Records shown —
(* For any commutative Noetherian local ring $R$, the smallest full subcategory of $\mathrm{mod}\,R$ containing $\mathcal E(R)$ and closed under direct summands is all of $\mathrm{mod}\,R$.
   Context: $\mathrm{mod}\,R$ is the category of finitely generated $R$-modules. $\underline{\mathrm{ann}}_R(M)=\mathrm{ann}_R\underline{\mathrm{End}}_R(M)$, where $\underline{\mathrm{End}}_R(M)$ is $\mathrm{End}_R(M)$ modulo endomorphisms factoring through a free module. $\mathrm{ARann}_R(M)=\bigcap_{i>0}\mathrm{ann}_R\mathrm{Ext}^i_R(M,M\oplus R)$. $\mathcal{E}(R)$ is the full subcategory of modules $M$ with $\underline{\mathrm{ann}}_R(M)=\mathrm{ARann}_R(M)$. *)

(* Modules over a commutative ring R are lmodType R;
   finitely generated free modules are row-vector spaces 'rV[R]_n. *)
From HB Require Import structures.
From mathcomp Require Import all_boot all_order all_algebra.
Set Implicit Arguments. Unset Strict Implicit. Unset Printing Implicit Defensive.
Import GRing.Theory.
Local Open Scope ring_scope.

Definition is_ideal (R : comNzRingType) (I : R -> Prop) : Prop :=
  [/\ I 0, (forall x y, I x -> I y -> I (x + y)) & (forall r x, I x -> I (r * x))].

Definition ideal_fingen (R : comNzRingType) (I : R -> Prop) : Prop :=
  exists s : seq R, forall x,
    I x <-> exists c : 'I_(size s) -> R, x = \sum_(i < size s) c i * s`_i.

Definition noetherian_ring (R : comNzRingType) : Prop :=
  forall I : R -> Prop, is_ideal I -> ideal_fingen I.

Definition maximal_ideal (R : comNzRingType) (I : R -> Prop) : Prop :=
  [/\ is_ideal I, ~ I 1 &
      forall J : R -> Prop, is_ideal J -> (forall x, I x -> J x) -> ~ J 1 ->
        forall x, J x -> I x].

Definition local_ring (R : comNzRingType) : Prop :=
  exists m : R -> Prop, maximal_ideal m /\
    forall m' : R -> Prop, maximal_ideal m' -> forall x, m' x <-> m x.

Definition mod_fingen (R : comNzRingType) (M : lmodType R) : Prop :=
  exists s : seq M, forall x : M,
    exists c : 'I_(size s) -> R, x = \sum_(i < size s) c i *: s`_i.

(* ---------- Stable endomorphism ring annihilator ----------
   r kills the class of f in End(M)/P(M,M) iff r f factors through a free
   module (for f.g. M, through a finitely generated free module 'rV_k). *)
Definition factors_through_free (R : comNzRingType) (M N : lmodType R)
    (g : M -> N) : Prop :=
  exists (k : nat) (a : {linear M -> 'rV[R]_k}) (b : {linear 'rV[R]_k -> N}),
    forall x, g x = b (a x).

Definition stable_ann (R : comNzRingType) (M : lmodType R) (r : R) : Prop :=
  forall f : {linear M -> M}, factors_through_free (fun x => r *: f x).

(* ---------- Free resolutions and Ext annihilators ----------
   A finite-rank free resolution of M:
     ... -> R^(n 2) --D 1--> R^(n 1) --D 0--> R^(n 0) --e--> M -> 0
   (maps act on row vectors by right multiplication). *)
Definition free_resolution (R : comNzRingType) (M : lmodType R)
    (n : nat -> nat) (D : forall j, 'M[R]_(n j.+1, n j))
    (e : {linear 'rV[R]_(n 0) -> M}) : Prop :=
  [/\ (forall y : M, exists v, e v = y),
      (forall v : 'rV[R]_(n 0), e v = 0 <-> exists w, v = w *m D 0%N) &
      (forall j (v : 'rV[R]_(n j.+1)),
          v *m D j = 0 <-> exists w, v = w *m D j.+1)].

(* r annihilates Ext^(j+1)_R(M,N) = H^(j+1)(Hom_R(P,N)):
   for each cocycle phi : P_(j+1) -> N, r phi is a coboundary. Ext does not
   depend on the resolution; we quantify over all resolutions. *)
Definition Ext_ann (R : comNzRingType) (M N : lmodType R) (j : nat) (r : R)
    : Prop :=
  forall (n : nat -> nat) (D : forall j, 'M[R]_(n j.+1, n j))
         (e : {linear 'rV[R]_(n 0) -> M}),
    free_resolution D e ->
    forall phi : {linear 'rV[R]_(n j.+1) -> N},
      (forall w : 'rV[R]_(n j.+2), phi (w *m D j.+1) = 0) ->
      exists psi : {linear 'rV[R]_(n j) -> N},
        forall v : 'rV[R]_(n j.+1), r *: phi v = psi (v *m D j).

(* ARann_R(M) = intersection over i > 0 of ann Ext^i(M, M (+) R) *)
Definition ARann (R : comNzRingType) (M : lmodType R) (r : R) : Prop :=
  forall j : nat, Ext_ann M (M * R^o)%type j r.

Definition in_E (R : comNzRingType) (M : lmodType R) : Prop :=
  forall r : R, stable_ann M r <-> ARann M r.

Definition is_summand (R : comNzRingType) (M N : lmodType R) : Prop :=
  exists (i : {linear M -> N}) (p : {linear N -> M}), forall x, p (i x) = x.
(* For every Motzkin tree $T$, $\mathrm{ucs1}(T)$ holds if and only if $\mathrm{is\_ucs}(T)$ holds.
   Context: Motzkin trees are the terms generated by a leaf $v$, a unary constructor $l$ and a binary constructor $a$. $\mathrm{ucs1}(T)$ holds iff, for every leaf of $T$, the number of unary nodes on the path from the root of $T$ to that leaf (counted starting from $0$) equals $1$. For a Boolean $b$, the predicate $\mathrm{is\_ucs\_aux}(T,b)$ is defined recursively with a Boolean flag recording whether a unary node has already been met: - $\mathrm{is\_ucs\_aux}(v,b)$ iff $b$ is true; - $\mathrm{is\_ucs\_aux}(l(T),b)$ iff $b$ is false and $\mathrm{is\_ucs\_aux}(T,\mathrm{true})$; - $\mathrm{is\_ucs\_aux}(a(T_1,T_2),b)$ iff $\mathrm{is\_ucs\_aux}(T_1,b)$ and $\mathrm{is\_ucs\_aux}(T_2,b)$. Finally, $\mathrm{is\_ucs}(T) := \mathrm{is\_ucs\_aux}(T,\mathrm{false})$. *)

From Stdlib Require Import Arith List.

Inductive motzkin : Type :=
| v : motzkin
| l : motzkin -> motzkin
| a : motzkin -> motzkin -> motzkin.

Inductive leaf_ucount : motzkin -> nat -> Prop :=
| lu_v : leaf_ucount v 0
| lu_l : forall T n, leaf_ucount T n -> leaf_ucount (l T) (S n)
| lu_a1 : forall T1 T2 n, leaf_ucount T1 n -> leaf_ucount (a T1 T2) n
| lu_a2 : forall T1 T2 n, leaf_ucount T2 n -> leaf_ucount (a T1 T2) n.

Definition ucs1 (T : motzkin) : Prop :=
  forall n, leaf_ucount T n -> n = 1.

Fixpoint is_ucs_aux (T : motzkin) (b : bool) : Prop :=
  match T with
  | v => b = true
  | l T' => b = false /\ is_ucs_aux T' true
  | a T1 T2 => is_ucs_aux T1 b /\ is_ucs_aux T2 b
  end.

Definition is_ucs (T : motzkin) : Prop := is_ucs_aux T false.

(* The flag of [is_ucs_aux T b] records whether one unary node has already
   been met above T, so [is_ucs_aux T b] says that every leaf of T is reached
   through exactly [1 - b] further unary nodes. Stated for an arbitrary flag,
   this characterization follows by structural induction; [ucs1] is its
   instance at [b = false]. *)
From Stdlib Require Import Arith Lia.

Lemma leaf_ucount_exists (T : motzkin) : exists n, leaf_ucount T n.
Proof.
  induction T as [| T [n Hn] | T1 [n Hn] T2 _].
  - exists 0; constructor.
  - exists (S n); constructor; assumption.
  - exists n; apply lu_a1; assumption.
Qed.

Lemma is_ucs_aux_leaf_ucount (T : motzkin) (b : bool) (n : nat) :
  is_ucs_aux T b -> leaf_ucount T n -> n + Nat.b2n b = 1.
Proof.
  intros Hucs Hn; revert b Hucs.
  induction Hn as [| T n _ IH | T1 T2 n _ IH | T1 T2 n _ IH]; simpl; intros b Hucs.
  - subst b; reflexivity.
  - destruct Hucs as [-> HT]; specialize (IH true HT); simpl in *; lia.
  - apply IH, Hucs.
  - apply IH, Hucs.
Qed.

Lemma leaf_ucount_is_ucs_aux (T : motzkin) (b : bool) :
  (forall n, leaf_ucount T n -> n + Nat.b2n b = 1) -> is_ucs_aux T b.
Proof.
  revert b; induction T as [| T IH | T1 IH1 T2 IH2]; simpl; intros b Hleaves.
  - specialize (Hleaves 0 lu_v); destruct b; simpl in Hleaves; congruence.
  - destruct (leaf_ucount_exists T) as [m Hm].
    assert (Hb : b = false).
    { specialize (Hleaves _ (lu_l _ _ Hm)); destruct b; simpl in Hleaves; [lia | reflexivity]. }
    subst b; split; [reflexivity |].
    apply IH; intros n Hn; specialize (Hleaves _ (lu_l _ _ Hn)); simpl in *; lia.
  - split; [apply IH1 | apply IH2]; intros n Hn; apply Hleaves;
      [apply lu_a1 | apply lu_a2]; assumption.
Qed.

Lemma is_ucs_aux_iff (T : motzkin) (b : bool) :
  is_ucs_aux T b <-> forall n, leaf_ucount T n -> n + Nat.b2n b = 1.
Proof.
  split.
  - intros Hucs n; apply is_ucs_aux_leaf_ucount, Hucs.
  - apply leaf_ucount_is_ucs_aux.
Qed.

Theorem mainTheorem6 : forall T : motzkin, ucs1 T <-> is_ucs T.
Proof.
  intros T; unfold ucs1, is_ucs; rewrite is_ucs_aux_iff; simpl.
  split; intros H n Hn; specialize (H n Hn); lia.
Qed.
Record is_tree (V : Type) (le : V -> V -> Prop) (P : V -> Prop) : Prop := {
  tree_dcc : ~ exists f : nat -> V,
      forall n, P (f n) /\ le (f n.+1) (f n) /\ f n.+1 <> f n;
  tree_down_total : forall v u w, P v -> P u -> P w -> le u v -> le w v ->
      le u w \/ le w u;
  tree_least : exists r, P r /\ forall v, P v -> le r v }.

Definition is_chain (V : Type) (le : V -> V -> Prop) (P C : V -> Prop) : Prop :=
  (forall v, C v -> P v) /\ forall u v, C u -> C v -> le u v \/ le v u.

Definition is_lub (V : Type) (le : V -> V -> Prop) (C : V -> Prop) (u : V) : Prop :=
  (forall v, C v -> le v u) /\ forall w, (forall v, C v -> le v w) -> le u w.

Definition is_complete (V : Type) (le : V -> V -> Prop) : Prop :=
  forall C, is_chain le (fun _ => True) C -> exists u, is_lub le C u.

(* (V, le) is a completion of the tree T (a subset of V with the induced order) *)
Definition is_completion (V : Type) (le : V -> V -> Prop) (T : V -> Prop) : Prop :=
  [/\ poset_ax le, is_tree le T, is_tree le (fun _ => True) & is_complete le] /\
  (forall u v, T v -> le u v -> T u) /\
  (forall u, exists C, is_chain le T C /\ is_lub le C u).

Record rep (R : pzRingType) (V : Type) (le : V -> V -> Prop) := Rep {
  robj : V -> lmodType R;
  rmap : forall u v, le u v -> robj u -> robj v;
  rmap_lin : forall u v (p : le u v), is_lin (rmap p);
  rmap_id : forall u (p : le u u) x, rmap p x = x;
  rmap_comp : forall u v w (p : le u v) (q : le v w) (r : le u w) x,
      rmap r x = rmap q (rmap p x) }.

Arguments rmap {R V le} r {u v} : rename.
Arguments robj {R V le} r : rename.
Lemma rdvdN m a : rdvd m a -> rdvd m (- a).
Proof. by case=> c ->; exists (- c); rewrite mulrN. Qed.

Lemma rdvdMl m a b : rdvd m b -> rdvd m (a * b).
Proof. by case=> c ->; exists (a * c); rewrite mulrCA. Qed.

Lemma rdvdMr m a b : rdvd m a -> rdvd m (a * b).
Proof. by rewrite mulrC; apply: rdvdMl. Qed.

Lemma rdvd_mul m n a b : rdvd m a -> rdvd n b -> rdvd (m * n) (a * b).
Proof. by case=> c -> [d ->]; exists (c * d); rewrite mulrACA. Qed.

Lemma rdvd_exp2l x i j a : (i <= j)%N -> rdvd (x ^+ j) a -> rdvd (x ^+ i) a.
Proof. by move=> /subnKC <- [c ->]; exists (x ^+ (j - i) * c); rewrite exprD mulrA. Qed.

Lemma inv_mod_mul m x x' y y' :
  rdvd m (x * x' - 1) -> rdvd m (y * y' - 1) -> rdvd m (x * y * (x' * y') - 1).
Proof.
move=> hx hy; have -> : x * y * (x' * y') - 1 = (x * x' - 1) * (y * y') + (y * y' - 1).
  by ring.
by apply: rdvdD => //; apply: rdvdMr.
Qed.

Lemma rdvd_polyC m a : rdvd m a -> rdvd m%:P a%:P.
Proof. by case=> c ->; exists c%:P; rewrite polyCM. Qed.

Lemma rdvd_polyC_coef m (h : {poly R}) : rdvd m%:P h -> forall i, rdvd m h`_i.
Proof. by case=> r -> i; exists r`_i; rewrite coefCM. Qed.

Lemma coef_rdvd_polyC m (h : {poly R}) : (forall i, rdvd m h`_i) ->
  exists2 r : {poly R}, h = m%:P * r & (size r <= size h)%N.
Proof.
move=> /choice [c hc]; exists (\poly_(i < size h) c i); last exact: size_poly.
apply/polyP => i; rewrite coefCM coef_poly; case: ltnP => [_ | hi]; first exact: hc.
by rewrite mulr0 nth_default.
Qed.

Lemma poly_congrE m (g f : {poly R}) : poly_congr m g f -> rdvd m%:P (g - f).
Proof.
move=> hc; have [|r -> _] := @coef_rdvd_polyC m (g - f); last by exists r.
by move=> i; rewrite coefB; apply: hc.
Qed.

End RingDivisibility.

Lemma dependent_choice T (P : nat -> T -> Prop) (Q : nat -> T -> T -> Prop) x0 :
  P 0%N x0 -> (forall n x, P n x -> exists y, P n.+1 y /\ Q n x y) ->
  exists xs : nat -> T, forall n, P n (xs n) /\ Q n (xs n) (xs n.+1).
Proof.
move=> P0 step.
have [f hf] : {f : nat * T -> T & forall nx, P nx.1 nx.2 ->
    P nx.1.+1 (f nx) /\ Q nx.1 nx.2 (f nx)}.
  apply: (@choice _ _ (fun nx y => P nx.1 nx.2 -> P nx.1.+1 y /\ Q nx.1 nx.2 y)).
  move=> [n x] /=; have [/step [y hy] | nPx] := pselect (P n x).
    by exists y.
  by exists x => Pnx; case: nPx.
pose fix xs n := if n is n'.+1 then f (n', xs n') else x0.
have Pxs n : P n (xs n) by elim: n => //= n /(hf (n, xs n)) [].
by exists xs => n; split; [apply: Pxs | exact: (proj2 (hf (n, xs n) (Pxs n)))].
Qed.

Section PadicIntegers.
Variable p : nat.
Hypothesis p_gt1 : (1 < p)%N.
Local Notation R := 'Z_p[p].
Local Notation q := (p%:R : R).

Lemma pwE n : pw p n = p%:Z ^+ n.
Proof. by rewrite /pw /pmod; case: p p_gt1 => [|[|]]. Qed.

Lemma pw_neq0 n : pw p n != 0.
Proof. by rewrite gt_eqF ?pw_gt0. Qed.

Lemma pseqD (x y : R) n : pseq (x + y) n = ((pseq x n + pseq y n) %% pw p n)%Z.
Proof. by []. Qed.

Lemma pseqN (x : R) n : pseq (- x) n = ((- pseq x n) %% pw p n)%Z.
Proof. by []. Qed.

Lemma pseqM (x y : R) n : pseq (x * y) n = ((pseq x n * pseq y n) %% pw p n)%Z.
Proof. by []. Qed.
Lemma det_in_eq0_span y : det_in b w y = 0 -> y \in <<[tuple w j | j < r.+1]>>%VS.
Proof.
rewrite /det_in -det_tr => /eqP/det0P [x x_neq0 /rowP xM0].
pose col k := if (k < r.+1)%N then w (inord k) else y.
have colE (k : 'I_r.+1) : col (widen_ord (leqnSn _) k) = w k.
  by rewrite /col /= ltn_ord inord_val.
have : \sum_k x 0 k *: col k = 0.
  apply: (coords_eq0 dimK bfree) => i; have := xM0 i; rewrite !mxE => M0.
  by rewrite linear_sum -[RHS]M0; apply: eq_bigr => k _; rewrite linearZ !mxE.
rewrite big_ord_recr /= {2}/col ltnn.
under eq_bigr do rewrite colE.
have [xr0 | xr_neq0] := eqVneq (x 0 ord_max) 0.
  rewrite xr0 scale0r addr0 => rel0; case/eqP: x_neq0; apply/rowP => k; rewrite mxE.
  have x_widen0 (j : 'I_r.+1) : x 0 (widen_ord (leqnSn _) j) = 0.
    apply: (elimT freeP wfree (fun j => x 0 (widen_ord (leqnSn _) j))).
    rewrite -[RHS]rel0.
    by apply: eq_bigr => i _; rewrite nth_mktuple.
  case: (unliftP ord_max k) => [j|] -> //; rewrite -(x_widen0 j).
  by congr (x 0 _); apply: val_inj; exact: lift_max.
move=> /eqP; rewrite addrC addr_eq0 => /eqP y_eq; rewrite (canRL (scalerK xr_neq0) y_eq).
by rewrite rpredZ // rpredN rpred_sum // => k _; rewrite rpredZ // memv_span_mktuple.
Qed.

Lemma det_in_neq0 : exists y, det_in b w y != 0.
Proof.
have [y y_notin] := exists_notin_span dimK bfree w (ltnSn _).
by exists y; apply: contra y_notin => /eqP/det_in_eq0_span.
Qed.

End DetFormKernel.

Lemma scalar_proportional (V : lmodType rat) (phi psi : V -> rat) y0 :
  scalar phi -> scalar psi -> psi y0 != 0 -> (forall y, psi y = 0 -> phi y = 0) ->
  forall y, phi y = phi y0 / psi y0 * psi y.
Proof.
move=> phiP psiP psi_y0 ker_psi y; set c := psi y / psi y0.
have : psi ((- c) *: y0 + y) = 0 by rewrite psiP /c mulNr divfK // addNr.
move=> /ker_psi /eqP; rewrite phiP mulNr addrC subr_eq0 => /eqP ->.
by rewrite /c; ring.
Qed.

Lemma det_in_mulr_proportional (K : fieldExtType rat) r (b b' : 'I_r.+2 -> K)
    (v w : 'I_r.+1 -> K) x :
  \dim {:K} = r.+2 -> free [tuple b' k | k < r.+2] -> free [tuple v j | j < r.+1] ->
  (forall j, w j = v j * x) ->
  exists C, forall y, det_in b w (y * x) = C * det_in b' v y.
Proof.
move=> dimK b'free vfree wE; have [y0 y0_neq0] := det_in_neq0 dimK b'free vfree.
exists (det_in b w (y0 * x) / det_in b' v y0).
apply: (scalar_proportional (phi := fun y => det_in b w (y * x))) y0_neq0 _ => //.
- by move=> a y z /=; rewrite mulrDl -scalerAl linearP.
- exact: linearP.
move=> y /(det_in_eq0_span dimK b'free vfree) /(memv_span_mulr x) y_in.
by apply: det_in_span; rewrite (eq_mktuple _ wE).
Qed.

Task item — The lines to return are those in the entries above that hold "Import".

Response to this exercise —
From HB Require Import structures.
From mathcomp Require Import all_boot all_order all_algebra.
Import GRing.Theory.
From Stdlib Require Import Arith List.
From Stdlib Require Import Arith Lia.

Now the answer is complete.